Friday, May 18, 2012

I can't belive this!!! - Haylee

To honor and stay true to the open book policy Molly and I have created with our blog I have big news to tell you all even though I could have kept it a secret.  ha ha

We got the biggest surprise of our life yesterday when I took a pregnancy test and it was positive (yes, you are reading that right).  Trust me, as I was taking it I asked myself, "why do you keep wasting time & money". 

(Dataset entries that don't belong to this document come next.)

Definition pcontam (eps : U -> R) (pstar delta : X -> U -> R) (x : X) (u : U) : R :=
  (1 - eps u) * pstar x u + eps u * delta x u.

Definition marg_x (pj : X -> U -> R) (x : X) : R :=
  \int[muu]_(u in setT) pj x u.

Definition p_y_xu (pj : X -> U -> R) (pu : U -> R) (y : nat) (x : X) (u : U) : R :=
  (if y == 1%N then pj x u else marg_x pj x * pu u) * (1 / 2).

Definition wgt (g : R) (r : R) (y : nat) : R :=
  ((r `^ (y%:R * (g + 1))) / (1 + r `^ (g + 1))) `^ (g / (g + 1)).

Definition dgamma (g : R) (r : X -> U -> R) (pyxu : nat -> X -> U -> R) : R :=
  - (1 / g) * ln (\int[(mux \x muu)%E]_(z in setT)
       (\sum_(y < 2) wgt g (r z.1 z.2) y * pyxu y z.1 z.2)).

Definition nu (g : R) (r : X -> U -> R) (eps : U -> R) (delta : X -> U -> R) : R :=
  \int[(mux \x muu)%E]_(z in setT) (wgt g (r z.1 z.2) 1 * (eps z.2 * delta z.1 z.2)).

Definition Jr (g : R) (r : X -> U -> R) (px : X -> R) (pu : U -> R)
    (eps : U -> R) (pstar : X -> U -> R) : R :=
  - (1 / g) * ln (
      (1 / 2) * (\int[(mux \x muu)%E]_(z in setT)
                   (wgt g (r z.1 z.2) 0 * (px z.1 * pu z.2)))
    + (1 / 2) * (\int[(mux \x muu)%E]_(z in setT)
                   (wgt g (r z.1 z.2) 1 * ((1 - eps z.2) * pstar z.1 z.2)))).

End Defs.

Definition cond_density (R : realType) (dx du : measure_display)
  (X : measurableType dx) (U : measurableType du)
  (mux : {measure set X -> \bar R}) (pc : X -> U -> R) : Prop :=
  measurable_fun setT (fun z : X * U => pc z.1 z.2) /\
  (forall x u, 0 <= pc x u) /\
  (forall u, mux.-integrable setT (fun x => (pc x u)%:E) /\
             \int[mux]_(x in setT) pc x u = 1).

Definition density (R : realType) (du : measure_display) (U : measurableType du)
  (muu : {measure set U -> \bar R}) (p : U -> R) : Prop :=
  measurable_fun setT p /\ (forall u, 0 <= p u) /\
  muu.-integrable setT (fun u => (p u)%:E) /\ \int[muu]_(u in setT) p u = 1.

From mathcomp Require Import all_boot all_order all_algebra.
From mathcomp Require Import all_classical all_reals all_analysis.
From mathcomp Require Import measurable_realfun ring.
Import Order.TTheory GRing.Theory Num.Theory.
Import numFieldNormedType.Exports.
Local Open Scope classical_set_scope.
Local Open Scope ring_scope.

(* Against the labelled density p(y,x,u) the integral inside d_gamma splits
   into the argument A of the logarithm in J[r] plus nu/2, so
   d_gamma - J[r] = -(1/gamma) ln (1 + nu/(2A)), and ln (1 + t) <= t bounds it
   by nu/(2 gamma A) = e^(gamma J[r]) nu/(2 gamma).
   For the minimiser, Hoelder's inequality with exponents (gamma+1)/gamma and
   gamma+1 bounds the integrand of A pointwise by (a^(gamma+1) + b^(gamma+1))
   ^(1/(gamma+1)), where a = p(x)p(u) and b = (1-eps(u)) p*(x,u), with equality
   at r = b/a = r*; and -(1/gamma) ln is decreasing. *)

Section gamma_weights.
Context {R : realType}.
Implicit Types (g r x A B : R) (y : nat).

Lemma wgt0E g r : wgt g r 0 = (1 / (1 + r `^ (g + 1))) `^ (g / (g + 1)).
Proof. by rewrite /wgt mul0r powRr0. Qed.

Lemma wgt1E g r : wgt g r 1 = (r `^ (g + 1) / (1 + r `^ (g + 1))) `^ (g / (g + 1)).
Proof. by rewrite /wgt mul1r. Qed.

Lemma wgt_ge0 g r y : 0 <= wgt g r y.
Proof. exact: powR_ge0. Qed.

Lemma wgt1_gt0 g r : 0 < r -> 0 < wgt g r 1.
Proof.
move=> r0; rewrite wgt1E; apply/powR_gt0/divr_gt0; first exact: powR_gt0.
by rewrite ltr_pwDl ?powR_ge0.
Qed.

Lemma wgt_le1 g r y : 0 <= g -> (y <= 1)%N -> wgt g r y <= 1.
Proof.
move=> g0 y1; have den : 0 < 1 + r `^ (g + 1) by rewrite ltr_pwDl ?powR_ge0.
have powR_le1 x : 0 <= x <= 1 -> x `^ (g / (g + 1)) <= 1.
  case/andP=> x0 x1; apply: (le_trans (ge0_ler_powR _ _ _ x1)) => //;
  by rewrite ?powR1 ?nnegrE ?divr_ge0 ?addr_ge0.
case: y y1 => [|[|//]] _; [rewrite wgt0E | rewrite wgt1E];
  apply: powR_le1; rewrite divr_ge0 ?powR_ge0 ?(ltW den) //=;
  by rewrite ler_pdivrMr // mul1r ?lerDl ?lerDr ?powR_ge0.
Qed.

Lemma powRVn x r : 0 <= x -> x^-1 `^ r = (x `^ r)^-1.
Proof. by move=> x0; rewrite -powR_inv1 // -powRrM mulN1r powRN. Qed.

(* Hoelder with exponents (g+1)/g and g+1: the ((g+1)/g)-th powers of the two
   weights sum to 1. *)
Lemma wgt_hoelder g r A B : 0 < g -> 0 <= r -> 0 <= A -> 0 <= B ->
  wgt g r 0 * A + wgt g r 1 * B <= (A `^ (g + 1) + B `^ (g + 1)) `^ (g + 1)^-1.
Proof.
move=> g0 r0 A0 B0; have q0 : 0 < g + 1 by rewrite addr_gt0.
have p0 : 0 < (g + 1) / g by rewrite divr_gt0.
have pq : ((g + 1) / g)^-1 + (g + 1)^-1 = 1.
  by rewrite invf_div; field; rewrite gt_eqF.
have := hoelder2 (wgt_ge0 g r 0) (wgt_ge0 g r 1) A0 B0 p0 q0 pq.
have den : 0 < 1 + r `^ (g + 1) by rewrite ltr_pwDl ?powR_ge0.
have gp : g / (g + 1) * ((g + 1) / g) = 1 by field; rewrite !gt_eqF.
rewrite wgt0E wgt1E -!powRrM gp !powRr1 ?divr_ge0 ?powR_ge0 ?(ltW den) //.
by rewrite -mulrDl divff ?gt_eqF // powR1 !mul1r.
Qed.

Lemma wgt_hoelder_eq g A B : 0 < g -> 0 < A -> 0 <= B ->
  wgt g (B / A) 0 * A + wgt g (B / A) 1 * B
  = (A `^ (g + 1) + B `^ (g + 1)) `^ (g + 1)^-1.
Proof.
move=> g0 A0 B0; have qn0 : g + 1 != 0 by rewrite gt_eqF ?addr_gt0.
have Aq : 0 < A `^ (g + 1) by exact: powR_gt0.
set S := A `^ (g + 1) + B `^ (g + 1).
have S0 : 0 < S by rewrite ltr_pwDl ?powR_ge0.
have BAq : (B / A) `^ (g + 1) = B `^ (g + 1) / A `^ (g + 1).
  by rewrite powRM ?invr_ge0 ?(ltW A0) // powRVn ?(ltW A0).
have e0 : 1 / (1 + (B / A) `^ (g + 1)) = A `^ (g + 1) / S.
  by rewrite BAq /S; field; rewrite !gt_eqF.
have e1 : (B / A) `^ (g + 1) / (1 + (B / A) `^ (g + 1)) = B `^ (g + 1) / S.
  by rewrite BAq /S; field; rewrite !gt_eqF.
have powRS x : 0 <= x -> x `^ g * x = x `^ (g + 1).
  by move=> x0; rewrite powRD ?(negbTE qn0) // powRr1.
rewrite wgt0E wgt1E e0 e1 !powRM ?powR_ge0 ?invr_ge0 ?(ltW S0) //.
rewrite powRVn ?(ltW S0) // -!powRrM (_ : (g + 1) * (g / (g + 1)) = g); last by field.
rewrite mulrAC [_ * _^-1 * B]mulrAC !powRS ?(ltW A0) // -mulrDl -/S.
rewrite -{1}(powRr1 (ltW S0)) -powRB ?(gt_eqF S0) ?implybT //.
by congr (_ `^ _); field.
Qed.

Lemma ln_addr_sub_le A x : 0 < A -> 0 <= x -> ln (A + x) - ln A <= x / A.
Proof.
move=> A0 x0; have -> : A + x = A * (1 + x / A) by field; rewrite gt_eqF.
rewrite lnM ?posrE ?ltr_pwDl ?divr_ge0 ?(ltW A0) // addrAC subrr add0r.
by apply: le_ln1Dx; rewrite (lt_le_trans _ (divr_ge0 x0 (ltW A0))) ?ltrN10.
Qed.

Lemma neg_scaled_ln_le g A B : 0 < g -> 0 < A -> A <= B ->
  - (1 / g) * ln B <= - (1 / g) * ln A.
Proof.
move=> g0 A0 AB; rewrite !mulNr lerN2 ler_pM2l ?divr_gt0 //.
by rewrite ler_ln ?posrE // (lt_le_trans A0).
Qed.

(* The constant exp(g J) / (2 g) is 1 / (2 g A) when J = -(1/g) ln A. *)
Lemma neg_scaled_ln_perturb g A x : 0 < g -> 0 < A -> 0 <= x ->
  `| - (1 / g) * ln (A + 1 / 2 * x) - - (1 / g) * ln A |
    <= expR (g * (- (1 / g) * ln A)) / (2 * g) * x.
Proof.
move=> g0 A0 x0; have x20 : 0 <= 1 / 2 * x by rewrite mulr_ge0.
have -> : - (1 / g) * ln (A + 1 / 2 * x) - - (1 / g) * ln A
          = - (1 / g * (ln (A + 1 / 2 * x) - ln A)) by ring.
rewrite normrN normrM !ger0_norm ?divr_ge0 ?(ltW g0) //; last first.
  by rewrite subr_ge0 ler_ln ?posrE ?ltr_pwDl ?lerDl.
have -> : g * (- (1 / g) * ln A) = - ln A by field; rewrite gt_eqF.
rewrite expRN lnK ?posrE //.
have -> : A^-1 / (2 * g) * x = 1 / g * (1 / 2 * x / A) by field; rewrite !gt_eqF.
by rewrite ler_wpM2l ?divr_ge0 ?(ltW g0) ?ln_addr_sub_le.
Qed.

End gamma_weights.

Section real_integrals.
Context {R : realType} {d : measure_display} {T : measurableType d}
  {mu : {measure set T -> \bar R}}.
Implicit Types f h k : T -> R.

Lemma measurable_funV_ge0 f : measurable_fun setT f -> (forall t, 0 <= f t) ->
  measurable_fun setT (fun t => (f t)^-1).
Proof.
move=> mf f0; rewrite (_ : (fun t => _) = (fun t => f t `^ (-1))).
  exact: measurableT_comp (measurable_powR _) mf.
by apply/funext => t; rewrite powR_inv1.
Qed.

Lemma measurable_wgt g (r : T -> R) y : measurable_fun setT r ->
  measurable_fun setT (fun t => wgt g (r t) y).
Proof.
move=> mr; have mpowr p : measurable_fun setT (fun t => r t `^ p).
  exact: measurableT_comp (measurable_powR _) mr.
apply: measurableT_comp (measurable_powR _) _; apply: measurable_funM => //.
apply: measurable_funV_ge0 => [|t]; last by rewrite addr_ge0 ?powR_ge0.
exact: measurable_funD.
Qed.

Lemma integrable_RintegralE {D f} : measurable D ->
  mu.-integrable D (EFin \o f) ->
  (\int[mu]_(x in D) (f x)%:E = (Rintegral mu D f)%:E)%E.
Proof. by move=> mD fi; rewrite fineK // (integrable_fin_num mD fi). Qed.

Lemma integrable_EFinD {f h} :
  mu.-integrable setT (EFin \o f) -> mu.-integrable setT (EFin \o h) ->
  mu.-integrable setT (EFin \o (fun t => f t + h t)).
Proof. exact: integrableD. Qed.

Much to my surprise when I saw "YES" I almost passed out, then I almost vomited, cried, couldn't breathe- then I repeated.  Same thing again.  Holy shit. 

I called Joe to tell him (I could barely talk- he also couldn't believe it and was so excited) then immediately put a call into my IVF nurse and awaited her call back with direction.  I was a mess.
She sent me for blood work (this is the only way to really know) to test my HcG & Progesterone levels.

The day couldn't have gone any slower.  I felt like I was in a dream (not gonna lie, I still do).  What is happening here?!  How could this be? 

FINALLY a call back from my IVF nurse with the results & Dr. M's instructions-  4:30ish- it is all a blur.  My HcG level was exactly where it should be, however progesterone was low.  She started me on Endometrin last night and I will continue to take this 3 times a day until my ultrasound & blood check on Friday, 5/25.  Hopefully the Endometrin will get my progesterone levels where they need to be.

I am still in haze of emotions and feelings.  I mean after all this time & fertility?  What about our freezer kids?  What about the fact that this is so early?  Something could go wrong?  What if there is nothing in there?  What will I do if this or that or whatever?  I could go on and on and on.  My husband said to me last night "I am going to tattoo on you 'One Step At A Time'" (because, duh,  I was having a freak out).

Those of you who know me well know I don't do one step at a time.  I am a planner.  I am a multi-tasker, thinker, worker.  I want things to be "just so".

I really thought about what he said & it is so true.  For now, I promise to my husband to try & be much better at "One Step At A Time".

Happy Friday All (have a glass of wine for me) haha!







8 comments:

Devon T. said...

Whoa! Congratulations. How amazing! How exciting!
I have a hard time taking one step at a time too. My husband calls it "The Snowball Effect."

Will be sending even more good belly vibes out to you and Molly over the coming months.

Kim Brady said...

I deff just bawled my eyes out, I am so happy for you! BOTH OF YOU! As you both know this is the best blessing you two could have received and I couldn't be happier for you guys!

I also want to add that I had two previous MC before I got pregnant with my daughter, I was also put onndometrin, I TRULY believe that is what kept me pregnant. I am now holding my beautiful miracle in my arms..

I am seriously so happy for you both! CONGRATS LADIES!!!!<3

Keri and Oren said...

OH. MY. GOODNESS!!! I don't know you but have been following you through Molly :) CONGRATS CONGRATS CONGRATS! What a blessing! Having a glass of wine for you as I type ;)

emily said...

GAH!

that is wonderful news, haylee. congratulations and i'm sending lots of love and good energy your way.

mom of seven said...

Oh My Gosh!!! So freaking excited for you. My one question is Why did you take a test anyway? Sending good vibes your way. I've enjoyed keeping up with you and Molly. This blog is an inspiration.

Unknown said...

What a blessing !!!

STILL not pregnant said...

mom of seven- I took it because I had a couple cheapies left over and wanted to get them out of the house. I am also a believer in the whole concept of "stranger things have happened" and "better safe than sorry" haha.

Thank you all for your kind words, support and love! More to come on Friday!

Anonymous said...

I don't even know you and I was almost crying tonight! I am so excited for you! I am Molly's friend Becca. I'll be praying for you!